Each entry below is to be copied out exactly and in full.

• [Stored data]:
= = =

Lemma minimal_generating_set_card_le S1 S2 :
  minimal_generating_set G T S1 -> minimal_generating_set G T S2 -> #|S1| <= #|S2|.
Proof.
case=> sS1T _ gen1 min1 [sS2T _ gen2 _].
pose private_above x y := [exists m,
  [&& max_indecomposable m, restricts x m, ~~ covered_by (S1 :\ x) m & restricts y m]].
pose f x := odflt x [pick y in S2 | private_above x y].
have f_spec x : x \in S1 -> (f x \in S2) && private_above x (f x).
  move=> S1x; rewrite /f; case: pickP => [y /andP[] //|none].
  have [m /and3P[maxm xm privm]] := minimal_generating_private sS1T gen1 S1x (min1 x S1x).
  have /exists_inP[y S2y ym] := generating_covers sS2T gen2 (max_indecomposableW maxm).
  have /negP[] := none y; rewrite S2y /=.
  by apply/existsP; exists m; rewrite maxm xm privm ym.
have f_inj : {in S1 &, injective f}.
  move=> x x' S1x S1x' efx; apply/eqP; apply: contraT => nxx'.
  have /andP[S2fx /existsP[m /and4P[maxm xm _ fxm]]] := f_spec x S1x.
  have /andP[_ /existsP[m' /and4P[maxm' _ privm' fxm']]] := f_spec x' S1x'.
  rewrite -efx in fxm'.
  have mm' := max_restricts_common (subsetP sS2T _ S2fx) fxm fxm' maxm maxm'.
  case/negP: privm'; apply/exists_inP; exists x; first by rewrite !inE nxx' S1x.
  exact: restricts_trans xm mm'.
rewrite -(card_in_imset f_inj); apply: subset_leq_card.
by apply/subsetP => y /imsetP[x S1x ->]; case/andP: (f_spec x S1x).
Qed.

End TransferSystem.
End Arrows.

Theorem corollary2p14 (gT : finGroupType) (G : {group gT})
    (T S1 S2 : {set arrow gT}) :
  transfer_system G T ->
  minimal_generating_set G T S1 ->
  minimal_generating_set G T S2 ->
  #|S1| = #|S2|.
Proof.
move=> tsT min1 min2; apply/eqP; rewrite eqn_leq.
by rewrite !(minimal_generating_set_card_le tsT).
Qed.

= = =

• [Reply]:
Lemma minimal_generating_set_card_le S1 S2 :
  minimal_generating_set G T S1 -> minimal_generating_set G T S2 -> #|S1| <= #|S2|.
Proof.
case=> sS1T _ gen1 min1 [sS2T _ gen2 _].
pose private_above x y := [exists m,
  [&& max_indecomposable m, restricts x m, ~~ covered_by (S1 :\ x) m & restricts y m]].
pose f x := odflt x [pick y in S2 | private_above x y].
have f_spec x : x \in S1 -> (f x \in S2) && private_above x (f x).
  move=> S1x; rewrite /f; case: pickP => [y /andP[] //|none].
  have [m /and3P[maxm xm privm]] := minimal_generating_private sS1T gen1 S1x (min1 x S1x).
  have /exists_inP[y S2y ym] := generating_covers sS2T gen2 (max_indecomposableW maxm).
  have /negP[] := none y; rewrite S2y /=.
  by apply/existsP; exists m; rewrite maxm xm privm ym.
have f_inj : {in S1 &, injective f}.
  move=> x x' S1x S1x' efx; apply/eqP; apply: contraT => nxx'.
  have /andP[S2fx /existsP[m /and4P[maxm xm _ fxm]]] := f_spec x S1x.
  have /andP[_ /existsP[m' /and4P[maxm' _ privm' fxm']]] := f_spec x' S1x'.
  rewrite -efx in fxm'.
  have mm' := max_restricts_common (subsetP sS2T _ S2fx) fxm fxm' maxm maxm'.
  case/negP: privm'; apply/exists_inP; exists x; first by rewrite !inE nxx' S1x.
  exact: restricts_trans xm mm'.
rewrite -(card_in_imset f_inj); apply: subset_leq_card.
by apply/subsetP => y /imsetP[x S1x ->]; case/andP: (f_spec x S1x).
Qed.

End TransferSystem.
End Arrows.

Theorem corollary2p14 (gT : finGroupType) (G : {group gT})
    (T S1 S2 : {set arrow gT}) :
  transfer_system G T ->
  minimal_generating_set G T S1 ->
  minimal_generating_set G T S2 ->
  #|S1| = #|S2|.
Proof.
move=> tsT min1 min2; apply/eqP; rewrite eqn_leq.
by rewrite !(minimal_generating_set_card_le tsT).
Qed.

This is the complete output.